Aeropuerto a ras de tierra

Un avión pasa en Asturias de media unos treinta minutos entre aterrizaje y despegue, atendido por diez personas - El aeródromo dice cumplir el tiempo de escala en un 95 por ciento de los casos

Hasta la hierba que ahora sobrevuela un CRJ 900 de Air Nostrum, procedente de Tenerife, con la pista a la vista en el aeropuerto de Asturias, ha de estar cortada a un nivel preciso. Si estuviera más alta podría distorsionar las señales de los sistemas de navegación. Todas las alturas importan en este espacio de trece kilómetros de perímetro exterior y 180 hectáreas de superficie que tiene su propio código de circulación, su señalización horizontal y vertical específica y un carné de conducir exclusivo, expedido por el gestor aeroportuario Aena, que aquí ya era por puntos -el máximo es 25- mucho antes de que el modelo se adoptase en las carrereteras convencionales. Que sólo permite circular en coche por el interior del recinto a apenas trescientas personas, a no más de 30 por hora en la plataforma -la zona de estacionamiento, carga y descarga de los aviones- y únicamente habiendo aprendido, por ejemplo, que esa señal roja con dos aviones pintados dentro de un octógono y la leyenda ATC -Air Traffic Controller- quiere decir que a partir de aquí no se puede seguir sin autorización de la torre de control.

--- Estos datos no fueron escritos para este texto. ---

Lemma insert_top_Pi_fst m t1 t2 : 3 < m -> sparse_ordering m.+1 (t1 ++ m.+1 :: t2) ->
  t1 ++ t2 = Pi_fst m -> t1 ++ m.+1 :: t2 = Pi_snd m.+1.
Proof.
move=> m_gt3 [ord sp]; have [Y -> ->] := Pi_fst_sndS (ltnW m_gt3).
have [t2_big | ] := ltnP 2 (size t2).
  by case: (not_sparse_suffix_gt2 ord t2_big sp).
case: t2 ord sp => [|x [|y [|z r]]] //= ord sp _ e.
- rewrite cats0 in e; subst t1; exfalso.
  have split_m : (Y ++ [:: m - 2; m]) ++ [:: m.+1] = (Y ++ [:: m - 2]) ++ m :: [:: m.+1].
    by rewrite -!catA.
  rewrite split_m in ord sp; apply: (not_sparse_pred_succ ord _ (mem_head _ _) _ sp); last lia.
  by apply: (mem_ordering_prefix ord); rewrite ?inE; lia.
- have [-> [->]] := cat_eq_size_r (etrans e (catA Y [:: m - 2] [:: m])) erefl.
  by rewrite -catA.
- have [? [? ?]] := cat_eq_size_r e erefl; subst t1 x y; exfalso.
  apply: (not_sparse_top_pred ord (mem_head _ _) _ _ sp); last lia.
  by apply: (mem_ordering_prefix ord); rewrite ?inE; lia.
Qed.

Lemma insert_top_Pi_snd m t1 t2 : 4 < m -> sparse_ordering m.+1 (t1 ++ m.+1 :: t2) ->
  t1 ++ t2 = Pi_snd m -> t1 ++ m.+1 :: t2 = Pi_fst m.+1.
Proof.
move=> m_gt4 [ord sp]; rewrite Pi_fstS; last lia.
case: t2 ord sp => [|x t2] ord sp e; first by rewrite -e cats0.
exfalso; case: m m_gt4 ord sp e => // p p_gt3 ord sp.
have [W ->] := Pi_snd_suffix (ltnW p_gt3).
have [t2_big | ] := ltnP 2 (size (x :: t2)).
  by case: (not_sparse_suffix_gt2 ord t2_big sp).
case: t2 ord sp => [|y [|z r]] //= ord sp _ e.
- have [? [?]] := cat_eq_size_r (etrans e (catA W [:: p.+1] [:: p])) erefl.
  subst t1 x; apply: (not_sparse_top_pred ord (mem_head _ _) _ _ sp); last lia.
  by apply: (mem_ordering_prefix ord); rewrite ?inE; lia.
- have [? [? ?]] := cat_eq_size_r e erefl; subst t1 x y.
  apply: (not_sparse_top_pred ord (v := p) _ _ _ sp); rewrite ?inE ?eqxx ?orbT //; last lia.
  by apply: (mem_ordering_prefix ord); rewrite ?inE; lia.
Qed.

Lemma sparse_ordering5_Pi : sparse_ordering 5 (Pi_fst 5) /\ sparse_ordering 5 (Pi_snd 5).
Proof. by split; split; try apply/sparseP; vm_compute. Qed.

Lemma sparse_ordering5_eq_Pi s : sparse_ordering 5 s -> s = Pi_fst 5 \/ s = Pi_snd 5.
Proof.
case=> ord /sparseP sp; have : s \in permutations (iota 1 5) by rewrite mem_permutations.
have all5 : all (fun s => all (fun v => back_deg 5 s v <= 1) s ==>
                          (s == Pi_fst 5) || (s == Pi_snd 5)) (permutations (iota 1 5)).
  by vm_compute.
by move/(allP all5); rewrite sp => /orP[] /eqP; [left | right].
Qed.

Lemma sparse_ordering_Pi n :
  4 < n -> sparse_ordering n (Pi_fst n) /\ sparse_ordering n (Pi_snd n).
Proof.
elim: n => // m IH; rewrite ltnS leq_eqVlt => /orP[/eqP <- | m_gt4].
  exact: sparse_ordering5_Pi.
have [spA spB] := IH m_gt4.
by split; [apply: sparse_ordering_Pi_fstS | apply: sparse_ordering_Pi_sndS] => //; lia.
Qed.

Lemma sparse_ordering_eq_Pi n s :
  4 < n -> sparse_ordering n s -> s = Pi_fst n \/ s = Pi_snd n.
Proof.
elim: n s => // m IH s; rewrite ltnS leq_eqVlt => /orP[/eqP <- | m_gt4].
  exact: sparse_ordering5_eq_Pi.
move=> sp_s; have top_s : m.+1 \in s by rewrite (mem_ordering _ sp_s.1) leqnn.
case/splitPr: top_s sp_s => t1 t2 sp_s; have [ord sp] := sp_s.
have ord_t : is_ordering m (t1 ++ t2) by rewrite -is_ordering_insert.
have [e | e] := IH _ m_gt4 (conj ord_t (sparse_delete ord_t sp)).
- by right; apply: insert_top_Pi_fst (ltnW m_gt4) sp_s e.
- by left; apply: insert_top_Pi_snd m_gt4 sp_s e.
Qed.

Theorem mainTheorem5 (n : nat) : 4 < n ->
  if ~~ odd n then
    Pi_even n != Pi1n_even n /\
    forall s : seq nat, (is_ordering n s /\ sparse n s) <-> (s = Pi_even n \/ s = Pi1n_even n)
  else
    Pi1_odd n != Pin_odd n /\
    forall s : seq nat, (is_ordering n s /\ sparse n s) <-> (s = Pi1_odd n \/ s = Pin_odd n).
Proof.
move=> n_gt4; have neq : Pi_fst n != Pi_snd n.
  by case: n n_gt4 => // m m_gt3; apply: Pi_fst_neq_snd; rewrite ltnW.
have sparseE s : sparse_ordering n s <-> s = Pi_fst n \/ s = Pi_snd n.
  split; first exact: sparse_ordering_eq_Pi.
  by have [? ?] := sparse_ordering_Pi n_gt4; case=> ->.
by rewrite /Pi_fst /Pi_snd in neq sparseE; case: (odd n) neq sparseE.
Qed.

Hay un pequeño universo propio delimitado por el doble cierre perimetral de un aeropuerto "mediano" que ocupa el equivalente a 180 campos de fútbol y cobija a 670 trabajadores de sesenta entidades distintas -95 de Aena-, regido en muchos sentidos por su propio código de funcionamiento. La "puerta de Asturias" para el que llega desde el cielo; lo primero y lo último que ven de la región los que la visitan en avión en la definición del director de la terminal, Carlos Domingo San Martín. El vigésimo aeropuerto de España por volumen de pasajeros en junio; uno de dimensión manejable y, según San Martín, puntual: uno que presume de cumplir en un 95,2 por ciento de los casos los tiempos de escala establecidos para las aeronaves, que pasan de media "entre 25 y 35 minutos" en Santiago del Monte desde que llegan hasta que se vuelven a ir.

Es ese el tiempo que comenzará a contar en breve para el vuelo IBE8307 de Tenerife, que ha tomado tierra por la cabecera 11, entrando desde la mar, por donde menos asiduamente entran los aviones a Asturias. Las frecuencias de la dirección del viento son determinantes y la conveniencia del aterrizaje con aire de cara determina una relación de 80 a 20 por ciento. Ocho de cada diez aterrizan desde el Sur, desde tierra, por la cabecera 29 de la única pista del aeródromo asturiano, y sólo dos por su lado opuesto, por donde ha llegado el de Tenerife. Acaba de sobrepasar el "localizador", la hilera de antenas color naranja encaramadas a un pie de hormigón que forman parte del sistema de aterrizaje instrumental, ILS III por sus siglas en inglés. Son sus indicaciones las que guían al avión en condiciones de escasa visibilidad, o más bien la combinación de sus señales con las que envía el "bosque" de balizas coronadas por poliedros verdes, "radomos", que cubre la vaguada previa a la cabecera Sur simulando una prolongación virtual de la pista.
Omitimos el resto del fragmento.